Remember Paul the Octopus? The German sea creature predicted World Cup winners in 2010. He chose food boxes draped in national flags. He got eight out of eight right.
Now he has digital successors — and they run on data, not seafood.
The 2026 FIFA World Cup is the first major tournament where widely available AI chatbots are making bold predictions. Fans, researchers, and banks are all asking the same question: which AI gets it right?
What Are the AI Chatbots Predicting?
The leading AI systems are not in agreement. Each model brings its own bias.
ChatGPT and Claude both back Spain as the 2026 World Cup winner. Their prediction reflects Spain’s recent form, squad depth, and tactical consistency.
Le Chat, the chatbot from France’s own AI company Mistral, naturally tips France. National pride aside, it points to France’s attacking firepower and squad experience.
DeepSeek and Qwen, both Chinese AI models, favour Argentina. They point to Argentina’s world-ranking status and Lautaro Martínez-led attack.
Tech news platform Tom’s Guide tested Google Gemini, ChatGPT, and Perplexity AI. All three picked Spain as champion. All three listed France as runners-up.
News outlet Decrypt found the same Spain-first trend among western chatbots. But it confirmed that DeepSeek and Qwen both broke the consensus by backing Argentina.
Why Does Each AI Pick a Different Winner?
Every AI model trains on different data. Western models consume more English-language football analysis, which leans heavily toward Spain and France. Chinese models absorb a different media diet — one that covered Argentina’s 2022 triumph extensively.
This creates genuine prediction divergence. It is not a bug. It reflects the model’s training sources, not a calculation error.
Who Is Running a Scientific Test?
Germany’s Ludwig Maximilian University (LMU) is running the most structured AI prediction study of the tournament. Their project is called LLM SoccerArena.
They publish each AI model’s game-by-game predictions on a public website. Fans can track accuracy in real time as matches conclude.
LMU researcher Stefan Feuerriegel explained the purpose clearly. He said the question of whether language models can support real decisions is critical. He also said benchmarks must test how models handle dynamic information, uncertainty, and real-world outcomes — not just abstract tasks.

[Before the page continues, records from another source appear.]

(* For every integer $m\ge 2$ and every integer $i$ with $1\le i\le m-1$, $$d_i^2(m)\bigl(d_i^2(m)-d_{i-1}(m)d_{i+1}(m)\bigr)>d_{i-1}^2(m)\bigl(d_{i+1}^2(m)-d_i(m)d_{i+2}(m)\bigr).$$
   Context: For integers $m\ge 0$ and $0\le i\le m$, the Boros–Moll numbers are $$d_i(m)=2^{-2m}\sum_{k=i}^{m}2^k\binom{2m-2k}{m-k}\binom{m+k}{k}\binom{k}{i},$$ i.e. $d_i(m)$ is the coefficient of $x^i$ in $P_m(x)=2^{-2m}\sum_{k=0}^m 2^k\binom{2m-2k}{m-k}\binom{m+k}{k}(x+1)^k$. By convention $d_i(m)=0$ for $i>m$ (consistent with the formula, since $\binom{k}{i}=0$ for $k<i$). *)

From mathcomp Require Import all_boot all_order all_algebra.
Set Implicit Arguments. Unset Strict Implicit. Unset Printing Implicit Defensive.
Import Order.TTheory GRing.Theory Num.Theory.
Local Open Scope ring_scope.

(* Boros--Moll numbers, as rationals:
   d_i(m) = 2^{-2m} sum_{k=i}^{m} 2^k C(2m-2k, m-k) C(m+k, k) C(k, i).
   For i > m the sum is empty, giving 0 (the stated convention). *)
Definition bm (m i : nat) : rat :=
  (2%:R ^+ (2 * m))^-1 *
  \sum_(i <= k < m.+1)
     (2 ^ k * 'C(2 * m - 2 * k, m - k) * 'C(m + k, k) * 'C(k, i))%N%:R.

From mathcomp Require Import all_boot all_order all_algebra.
From mathcomp Require Import ring lra zify.
Import Order.TTheory GRing.Theory Num.Theory.
Local Open Scope ring_scope.

(* For fixed m the numbers d_l = d_l(m) satisfy a three-term recurrence in l
   (a Zeilberger-style telescoping of the defining sum).  Running it downwards
   from d_(m+1) = 0 bounds the ratio d_(i+1)/d_i between 2(m-i)/(2i+3) and
   (m-i)/(i+1).  Eliminating d_(i-1) and d_(i+2) with the recurrence, the
   difference of the two sides of the inequality, times a positive factor,
   becomes a binary quartic form in the slacks p, q >= 0 of these two bounds
   whose coefficients are polynomials in i and n = m - i with positive integer
   coefficients. *)

Lemma down_ind (m : nat) (P : nat -> Prop) :
  P m -> (forall l, (l < m)%N -> P l.+1 -> P l) -> forall l, (l <= m)%N -> P l.
Proof.
move=> Pm IH l lm; rewrite -(subKn lm).
elim: (m - l)%N (leq_subr l m) => [|k IHk] km; first by rewrite subn0.
by apply: IH; [lia | rewrite subnSK //; exact: IHk (ltnW km)].
Qed.

Definition moll_rec {R : pzRingType} (m l : nat) (x y z : R) : Prop :=
  l.+1%:R * l.+2%:R * z + (m%:R + l%:R + 1) * (m%:R - l%:R) * x
  = l.+1%:R * (2 * m%:R + 1) * y.

(* Computed by expanding the left-hand side of [moll_quartic_identity] in p and q. *)
Definition moll_coef (k i n : nat) : nat :=
  match k with
  | 0 =>
      (648 * i ^ 2 + 2700 * i ^ 3 + 4644 * i ^ 4 + 4224 * i ^ 5 + 2144 * i ^ 6
       + 576 * i ^ 7 + 64 * i ^ 8)
    + (648 * i + 3753 * i ^ 2 + 8640 * i ^ 3 + 10272 * i ^ 4 + 6704 * i ^ 5
       + 2288 * i ^ 6 + 320 * i ^ 7) * n
    + (162 + 1863 * i + 5994 * i ^ 2 + 8922 * i ^ 3 + 6888 * i ^ 4 + 2680 * i ^ 5
       + 416 * i ^ 6) * n ^ 2
    + (324 + 1746 * i + 3492 * i ^ 2 + 3238 * i ^ 3 + 1408 * i ^ 4 + 232 * i ^ 5) * n ^ 3
    + (162 + 531 * i + 601 * i ^ 2 + 284 * i ^ 3 + 48 * i ^ 4) * n ^ 4
  | 1 =>
      (864 * i ^ 2 + 3888 * i ^ 3 + 7200 * i ^ 4 + 7024 * i ^ 5 + 3808 * i ^ 6
       + 1088 * i ^ 7 + 128 * i ^ 8)
    + (864 * i + 5265 * i ^ 2 + 12897 * i ^ 3 + 16492 * i ^ 4 + 11764 * i ^ 5
       + 4536 * i ^ 6 + 800 * i ^ 7 + 32 * i ^ 8) * n
    + (216 + 2538 * i + 8649 * i ^ 2 + 13807 * i ^ 3 + 11584 * i ^ 4 + 4984 * i ^ 5
       + 896 * i ^ 6 + 16 * i ^ 7) * n ^ 2
    + (432 + 2442 * i + 5217 * i ^ 2 + 5265 * i ^ 3 + 2514 * i ^ 4 + 456 * i ^ 5) * n ^ 3
    + (216 + 768 * i + 966 * i ^ 2 + 510 * i ^ 3 + 96 * i ^ 4) * n ^ 4
  | 2 =>
      (432 * i ^ 2 + 2088 * i ^ 3 + 4152 * i ^ 4 + 4344 * i ^ 5 + 2520 * i ^ 6
       + 768 * i ^ 7 + 96 * i ^ 8)
    + (432 * i + 2763 * i ^ 2 + 7176 * i ^ 3 + 9831 * i ^ 4 + 7626 * i ^ 5
       + 3288 * i ^ 6 + 696 * i ^ 7 + 48 * i ^ 8) * n
    + (108 + 1296 * i + 4659 * i ^ 2 + 7931 * i ^ 3 + 7176 * i ^ 4 + 3388 * i ^ 5
       + 696 * i ^ 6 + 24 * i ^ 7) * n ^ 2
    + (216 + 1280 * i + 2905 * i ^ 2 + 3160 * i ^ 3 + 1649 * i ^ 4 + 330 * i ^ 5) * n ^ 3
    + (108 + 416 * i + 576 * i ^ 2 + 340 * i ^ 3 + 72 * i ^ 4) * n ^ 4
  | 3 =>
      (96 * i ^ 2 + 496 * i ^ 3 + 1056 * i ^ 4 + 1184 * i ^ 5 + 736 * i ^ 6
       + 240 * i ^ 7 + 32 * i ^ 8)
    + (96 * i + 643 * i ^ 2 + 1765 * i ^ 3 + 2581 * i ^ 4 + 2167 * i ^ 5
       + 1036 * i ^ 6 + 256 * i ^ 7 + 24 * i ^ 8) * n
    + (24 + 294 * i + 1111 * i ^ 2 + 2007 * i ^ 3 + 1945 * i ^ 4 + 999 * i ^ 5
       + 232 * i ^ 6 + 12 * i ^ 7) * n ^ 2
    + (48 + 298 * i + 716 * i ^ 2 + 834 * i ^ 3 + 472 * i ^ 4 + 104 * i ^ 5) * n ^ 3
    + (24 + 100 * i + 152 * i ^ 2 + 100 * i ^ 3 + 24 * i ^ 4) * n ^ 4
  | _ =>
      (8 * i ^ 2 + 44 * i ^ 3 + 100 * i ^ 4 + 120 * i ^ 5 + 80 * i ^ 6 + 28 * i ^ 7
       + 4 * i ^ 8)
    + (8 * i + 56 * i ^ 2 + 162 * i ^ 3 + 252 * i ^ 4 + 228 * i ^ 5 + 120 * i ^ 6
       + 34 * i ^ 7 + 4 * i ^ 8) * n
    + (2 + 25 * i + 99 * i ^ 2 + 189 * i ^ 3 + 195 * i ^ 4 + 108 * i ^ 5
       + 28 * i ^ 6 + 2 * i ^ 7) * n ^ 2
    + (4 + 26 * i + 66 * i ^ 2 + 82 * i ^ 3 + 50 * i ^ 4 + 12 * i ^ 5) * n ^ 3
    + (2 + 9 * i + 15 * i ^ 2 + 11 * i ^ 3 + 3 * i ^ 4) * n ^ 4
  end.

Lemma moll_coef_gt0 k i n : (0 < n)%N -> (0 < moll_coef k i n)%N.
Proof.
move=> n_gt0; case: k => [|[|[|[|k]]]]; cbv beta iota delta [moll_coef];
  by apply: ltn_addl; rewrite muln_gt0 expn_gt0 n_gt0 andbT; do 4 apply: ltn_addr.
Qed.

Definition moll_quartic {R : pzRingType} (i n : nat) (p q : R) : R :=
  (moll_coef 0 i n)%:R * q ^+ 4 + (moll_coef 1 i n)%:R * p * q ^+ 3
  + (moll_coef 2 i n)%:R * p ^+ 2 * q ^+ 2 + (moll_coef 3 i n)%:R * p ^+ 3 * q
  + (moll_coef 4 i n)%:R * p ^+ 4.

Lemma moll_quartic_gt0 (R : realDomainType) (i n : nat) (p q : R) :
  (0 < n)%N -> 0 <= p -> 0 <= q -> 0 < p + q -> 0 < moll_quartic i n p q.
Proof.
move=> n_gt0 p_ge0 q_ge0 pq_gt0.
have c_gt0 k : 0 < (moll_coef k i n)%:R :> R by rewrite ltr0n moll_coef_gt0.
rewrite /moll_quartic; have [q0 | q_neq0] := eqVneq q 0.
  have p_gt0 : 0 < p by move: pq_gt0; rewrite q0 addr0.
  by rewrite q0 !expr0n !mulr0 !add0r mulr_gt0 ?exprn_gt0.
have q_gt0 : 0 < q by rewrite lt_def q_neq0.
rewrite -!addrA ltr_wpDr ?mulr_gt0 ?exprn_gt0 //.
by rewrite !addr_ge0 ?mulr_ge0 ?exprn_ge0 ?ler0n.
Qed.

Lemma moll_quartic_identity (R : realFieldType) (i n : nat) (c a b e : R) :
  (0 < i)%N -> (0 < n)%N ->
  moll_rec (i + n) i.-1 c a b -> moll_rec (i + n) i a b e ->
  (n ^ 4 * ((2 * i + n) * n.+1) ^ 2 * (i.+1 * i.+2))%N%:R
    * (a ^+ 2 * (a ^+ 2 - c * b) - c ^+ 2 * (b ^+ 2 - a * e))
  = moll_quartic i n ((2 * i + 3)%:R * b - 2 * n%:R * a) (n%:R * a - i.+1%:R * b).
Proof.
case: i => [//|l] _ n_gt0; rewrite /moll_rec /= => rec_c rec_e.
have den_c : ((2 * l.+1 + n) * n.+1)%:R != 0 :> R by rewrite pnatr_eq0; lia.
have den_e : (l.+2 * l.+3)%:R != 0 :> R by rewrite pnatr_eq0.
have cE : c = (l.+1%:R * (2 * (l.+1 + n)%:R + 1) * a - l.+1%:R * l.+2%:R * b)
              / ((2 * l.+1 + n) * n.+1)%:R.
  by apply: (canRL (mulfK den_c)); rewrite -rec_c; ring.
have eE : e = (l.+2%:R * (2 * (l.+1 + n)%:R + 1) * b
               - ((l.+1 + n)%:R + l.+1%:R + 1) * ((l.+1 + n)%:R - l.+1%:R) * a)
              / (l.+2 * l.+3)%:R.
  by apply: (canRL (mulfK den_e)); rewrite -rec_e; ring.
(* Unfold [moll_coef] only: [simpl] would expand its large numerals in unary. *)
rewrite cE eE /moll_quartic; cbv beta iota delta [moll_coef].
field.
have l_ge0 := ler0n R l; have n_ge0 := ler0n R n.
by apply/and4P; split; apply: lt0r_neq0; lra.
Qed.

Section MollRecurrence.

Variables (R : realFieldType) (m : nat) (d : nat -> R).
Hypotheses (d_ge0 : forall l, 0 <= d l) (d_succ_eq0 : d m.+1 = 0).
Hypothesis d_rec : forall l, moll_rec m l (d l) (d l.+1) (d l.+2).

(* Both bounds go down from l = m: multiplying the bound at l by m + l + 1 and
   substituting the recurrence leaves the bound at l + 1. *)
Lemma moll_ratio_upper l : (l <= m)%N -> l.+1%:R * d l.+1 <= (m%:R - l%:R) * d l.
Proof.
move: l; apply: down_ind => [|l lm IH]; first by rewrite d_succ_eq0 subrr !mulr0 mul0r.
have rec := d_rec l; have d1_ge0 := d_ge0 l.+1; have l_ge0 := ler0n R l.
have l1m : l.+1%:R <= m%:R :> R by rewrite ler_nat.
rewrite /moll_rec -!natr1 in rec IH l1m *; nra.
Qed.

Lemma moll_ratio_lower l :
  (l <= m)%N -> 2 * (m%:R - l%:R) * d l <= (2 * l%:R + 3) * d l.+1.
Proof.
move: l; apply: down_ind => [|l lm IH]; first by rewrite d_succ_eq0 subrr !mulr0 mul0r.
have rec := d_rec l; have d1_ge0 := d_ge0 l.+1; have d2_ge0 := d_ge0 l.+2.
have l_ge0 := ler0n R l; have l1m : l.+1%:R <= m%:R :> R by rewrite ler_nat.
rewrite /moll_rec -!natr1 in rec IH l1m *; nra.
Qed.

Lemma moll_quartic_ineq i : (0 < i < m)%N -> 0 < d i ->
  d i.-1 ^+ 2 * (d i.+1 ^+ 2 - d i * d i.+2) < d i ^+ 2 * (d i ^+ 2 - d i.-1 * d i.+1).
Proof.
move=> /andP[i_gt0 im] di_gt0.
have [n n_gt0 mE] : exists2 n, (0 < n)%N & m = (i + n)%N by exists (m - i)%N; lia.
have nE : m%:R - i%:R = n%:R :> R by rewrite mE natrD addrC addKr.
have rec_c : moll_rec (i + n) i.-1 (d i.-1) (d i) (d i.+1).
  by have := d_rec i.-1; rewrite prednK // mE.
have rec_e : moll_rec (i + n) i (d i) (d i.+1) (d i.+2) by rewrite -mE.
set p := (2 * i + 3)%:R * d i.+1 - 2 * n%:R * d i.
set q := n%:R * d i - i.+1%:R * d i.+1.
have q_ge0 : 0 <= q by rewrite subr_ge0 -nE moll_ratio_upper // ltnW.
have p_ge0 : 0 <= p by rewrite subr_ge0 -nE natrD natrM moll_ratio_lower // ltnW.
have pq_gt0 : 0 < p + q.
  have pqE : i.+1%:R * p + (2 * i + 3)%:R * q = n%:R * d i by rewrite /p /q; ring.
  have : 0 < n%:R * d i by rewrite mulr_gt0 ?ltr0n.
  have := ler0n R i; rewrite -pqE; nra.
have W_gt0 : 0 < (n ^ 4 * ((2 * i + n) * n.+1) ^ 2 * (i.+1 * i.+2))%N%:R :> R.
  by rewrite ltr0n !muln_gt0 ?expn_gt0; lia.
rewrite -subr_gt0 -(pmulr_rgt0 _ W_gt0) moll_quartic_identity //.
exact: moll_quartic_gt0.
Qed.

End MollRecurrence.

Definition bm_weight (m k : nat) : rat :=
  (2 ^ k * 'C(2 * m - 2 * k, m - k) * 'C(m + k, k))%N%:R.

Definition bm_sum (m l : nat) : rat :=
  \sum_(0 <= k < m.+1) bm_weight m k * 'C(k, l)%:R.

Lemma bmE m l : bm m l = (2%:R ^+ (2 * m))^-1 * bm_sum m l.
Proof.
rewrite /bm /bm_sum; congr (_ * _).
case: (leqP l m.+1) => [lm | ml].
  rewrite [RHS](big_cat_nat (leq0n l) lm) /= [X in X + _]big1_seq ?add0r.
    by apply: eq_bigr => k _; rewrite /bm_weight !natrM.
  by move=> k; rewrite mem_index_iota => /andP[_ kl]; rewrite bin_small ?mulr0.
rewrite big_geq ?(ltnW ml) // big1_seq // => k.
by rewrite mem_index_iota => /andP[_ km]; rewrite bin_small ?mulr0 //; lia.
Qed.

Lemma natr_mul_bin_left (R : pzRingType) k l :
  l.+1%:R * 'C(k, l.+1)%:R = (k%:R - l%:R) * 'C(k, l)%:R :> R.
Proof.
rewrite -natrM mul_bin_left natrM.
by case: (leqP l k) => [lk | kl]; [rewrite natrB | rewrite bin_small ?mulr0].
Qed.

Lemma natr_mul_bin_down (R : pzRingType) k l :
  (k.+1%:R - l%:R) * 'C(k.+1, l)%:R = k.+1%:R * 'C(k, l)%:R :> R.
Proof.
case: (leqP l k.+1) => [lk | kl]; last by rewrite !bin_small ?mulr0 //; lia.
by rewrite -natrB // -!natrM -mul_bin_down.
Qed.

Lemma mul_bin_center_succ r :
  ('C((2 * r).+2, r.+1) * r.+1 = 2 * (2 * r).+1 * 'C(2 * r, r))%N.
Proof.
have sym : 'C((2 * r).+1, r.+1) = 'C((2 * r).+1, r).
  by rewrite -[RHS]bin_sub ?leqW ?leq_pmull // (_ : (2 * r).+1 - r = r.+1)%N //; lia.
rewrite mulnC -(mul_bin_diag (2 * r).+2) /= -sym -mulnA (mul_bin_diag (2 * r).+1) /=.
ring.
Qed.

Lemma bm_weight_succ m k : (k < m)%N ->
  bm_weight m k.+1 * ((2 * m%:R - 2 * k%:R - 1) * k.+1%:R)
  = bm_weight m k * ((m%:R - k%:R) * (m%:R + k%:R + 1)).
Proof.
move=> km; have [r ->] : exists r, m = (k + r.+1)%N by exists (m - k.+1)%N; lia.
rewrite /bm_weight.
have -> : (2 * (k + r.+1) - 2 * k.+1 = 2 * r)%N by lia.
have -> : (k + r.+1 - k.+1 = r)%N by lia.
have -> : (2 * (k + r.+1) - 2 * k = (2 * r).+2)%N by lia.
have -> : (k + r.+1 - k = r.+1)%N by lia.
have -> : 2 * (k + r.+1)%:R - 2 * k%:R - 1 = (2 * r).+1%:R :> rat by ring.
have -> : (k + r.+1)%:R - k%:R = r.+1%:R :> rat by ring.
have -> : (k + r.+1)%:R + k%:R + 1 = (k + r.+1 + k).+1%:R :> rat by ring.
rewrite addnS -!natrM; congr _%:R.
transitivity (2 ^ k * (2 * (2 * r).+1 * 'C(2 * r, r))
              * (k.+1 * 'C((k + r.+1 + k).+1, k.+1)))%N; first by rewrite expnS; ring.
rewrite -mul_bin_center_succ -(mul_bin_diag (k + r.+1 + k).+1) /=; ring.
Qed.

Lemma bm_sum_rec m l : moll_rec m l (bm_sum m l) (bm_sum m l.+1) (bm_sum m l.+2).
Proof.
pose h k := bm_weight m k * 'C(k, l)%:R.
pose F k : rat :=
  (m%:R - k%:R) * (m%:R + k%:R + 1) - (2 * m%:R - 2 * k%:R + 1) * (k%:R - l%:R).
(* [G] is a Zeilberger certificate for the recurrence. *)
pose G k := (2 * m%:R - 2 * k%:R + 1) * (k%:R - l%:R) * h k.
have termE k : l.+1%:R * l.+2%:R * (bm_weight m k * 'C(k, l.+2)%:R)
    + (m%:R + l%:R + 1) * (m%:R - l%:R) * (bm_weight m k * 'C(k, l)%:R)
    - l.+1%:R * (2 * m%:R + 1) * (bm_weight m k * 'C(k, l.+1)%:R) = h k * F k.
  have l1_neq0 : l.+1%:R != 0 :> rat by rewrite pnatr_eq0.
  have l2_neq0 : l.+2%:R != 0 :> rat by rewrite pnatr_eq0.
  have C1 : 'C(k, l.+1)%:R = (k%:R - l%:R) * 'C(k, l)%:R / l.+1%:R :> rat.
    by rewrite -natr_mul_bin_left [_ * 'C(_, _)%:R]mulrC mulfK.
  have C2 : 'C(k, l.+2)%:R = (k%:R - l.+1%:R) * 'C(k, l.+1)%:R / l.+2%:R :> rat.
    by rewrite -natr_mul_bin_left [_ * 'C(_, _)%:R]mulrC mulfK.
  rewrite C2 C1 /h /F; field.
  have l_ge0 := ler0n rat l.
  by apply/andP; split; apply: lt0r_neq0; lra.
have telescope k : (0 <= k < m)%N -> h k * F k = G k.+1 - G k.
  move=> /andP[_ km].
  have G_succ : G k.+1
      = bm_weight m k.+1 * ((2 * m%:R - 2 * k%:R - 1) * k.+1%:R) * 'C(k, l)%:R.
    rewrite /G /h; transitivity ((2 * m%:R - 2 * k.+1%:R + 1) * bm_weight m k.+1
      * ((k.+1%:R - l%:R) * 'C(k.+1, l)%:R)); first by ring.
    rewrite natr_mul_bin_down; ring.
  rewrite G_succ bm_weight_succ // /G /h /F; ring.
have G0 : G 0%N = 0.
  rewrite /G /h; case: l {termE telescope h F G} => [|l].
    by rewrite subrr mulr0 mul0r.
  by rewrite bin_small ?mulr0.
have sum_hF : \sum_(0 <= k < m.+1) h k * F k = 0.
  rewrite big_nat_recr //= (telescope_sumr_eq _ _ (leq0n m) telescope) G0 /G /h /F; ring.
apply/eqP; rewrite -subr_eq0 -sum_hF -(eq_bigr _ (fun k _ => termE k)) /bm_sum.
by rewrite !sumrB !mulr_sumr big_split.
Qed.

Lemma bm_rec m l : moll_rec m l (bm m l) (bm m l.+1) (bm m l.+2).
Proof.
by rewrite /moll_rec !bmE !(mulrCA _ (_^-1)) -mulrDr bm_sum_rec.
Qed.

Lemma bm_ge0 m l : 0 <= bm m l.
Proof.
rewrite /bm mulr_ge0 ?invr_ge0 ?exprn_ge0 //.
by apply: sumr_ge0 => k _; rewrite ler0n.
Qed.

Lemma bm_gt0 m l : (l <= m)%N -> 0 < bm m l.
Proof.
move=> lm; rewrite /bm mulr_gt0 ?invr_gt0 ?exprn_gt0 // big_nat_recr //=.
rewrite ltr_wpDl //; first by apply: sumr_ge0 => k _; rewrite ler0n.
by rewrite ltr0n !muln_gt0 expn_gt0 !bin_gt0 lm leq_addr subnn.
Qed.

Lemma bm_succ_eq0 m : bm m m.+1 = 0.
Proof. by rewrite /bm big_geq // mulr0. Qed.

Theorem theorem1p1 (m i : nat) :
  (2 <= m)%N -> (1 <= i)%N -> (i <= m - 1)%N ->
  bm m i ^+ 2 * (bm m i ^+ 2 - bm m i.-1 * bm m i.+1) >
  bm m i.-1 ^+ 2 * (bm m i.+1 ^+ 2 - bm m i * bm m i.+2).
Proof.
move=> m_ge2 i_ge1 im.
have i_range : (0 < i < m)%N by apply/andP; split; lia.
apply: (@moll_quartic_ineq _ m (bm m) (bm_ge0 m) (bm_succ_eq0 m) (bm_rec m) _ i_range).
by rewrite bm_gt0 //; lia.
Qed.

The LMU team tests two types of prediction:
- Internal knowledge only — what the AI knows from training data alone.
- Web-augmented predictions — the AI searches for live injury news, squad selections, and betting market odds before answering.
The second method consistently produces sharper predictions. Real-time injury data matters enormously in football.
How Does This Compare to Paul the Octopus?
Paul the Octopus became a global sensation during the 2010 World Cup in South Africa. He correctly predicted the outcome of all seven Germany matches. He also called Spain as the tournament winner.
He died in October 2010, four months after his World Cup fame.
Paul relied on instinct — or appetite. AI relies on patterns across billions of data points.
The key difference: Paul gave one answer per match with zero explanation. AI systems give probabilistic reasoning with supporting evidence. That makes them harder to love, but easier to challenge.
Is AI Actually Helping Teams on the Pitch?
Predictions are just one slice of AI’s role at this World Cup.
Researchers from Australia’s University of the Sunshine Coast wrote for The Conversation that AI now supports coaches with tactical analysis, helps medical staff manage player recovery, assists referees with decision review, and even helps ticket security teams flag fraudulent sales.
Their verdict was direct. No AI agent will score a goal or coach a team at this tournament. But every winning team will have used AI somewhere along the way.
Bank of America Weighed In Too
Even Wall Street joined the prediction game. Bank of America analysts tested Microsoft Copilot on World Cup outcomes. The chatbot gave equal weight to Spain and France — mirroring roughly 40 percent of surveyed fans who also backed France.
When a major investment bank uses an AI chatbot to forecast football results, you know this trend has moved well beyond sports entertainment.
Quick-Reference: AI World Cup 2026 Predictions
| AI Model | Predicted Winner |
| ChatGPT (OpenAI) | Spain |
| Claude (Anthropic) | Spain |
| Le Chat (Mistral) | France |
| Gemini (Google) | Spain |
| Perplexity AI | Spain |
| DeepSeek (China) | Argentina |
| Qwen (Alibaba) | Argentina |
| Microsoft Copilot | Spain / France (equal) |
The Bigger Question: Can AI Actually Predict Football?
Football is beautifully unpredictable. That is why billions of people watch it.
AI models are highly accurate at identifying statistical probability. They are not good at predicting a goalkeeper’s inspired performance, a red card in the 30th minute, or a goal from a set piece in extra time.
LMU’s research framework addresses this gap directly. By testing AI against live results, match by match, they build an honest record of where machine reasoning holds — and where chaos wins.
The 2026 World Cup runs through July 19. By then, we will know whether Spain’s AI backers got it right, or whether Argentina or France rewrote the script.
Paul the Octopus had an 8-for-8 record. The AI leaderboard is just getting started.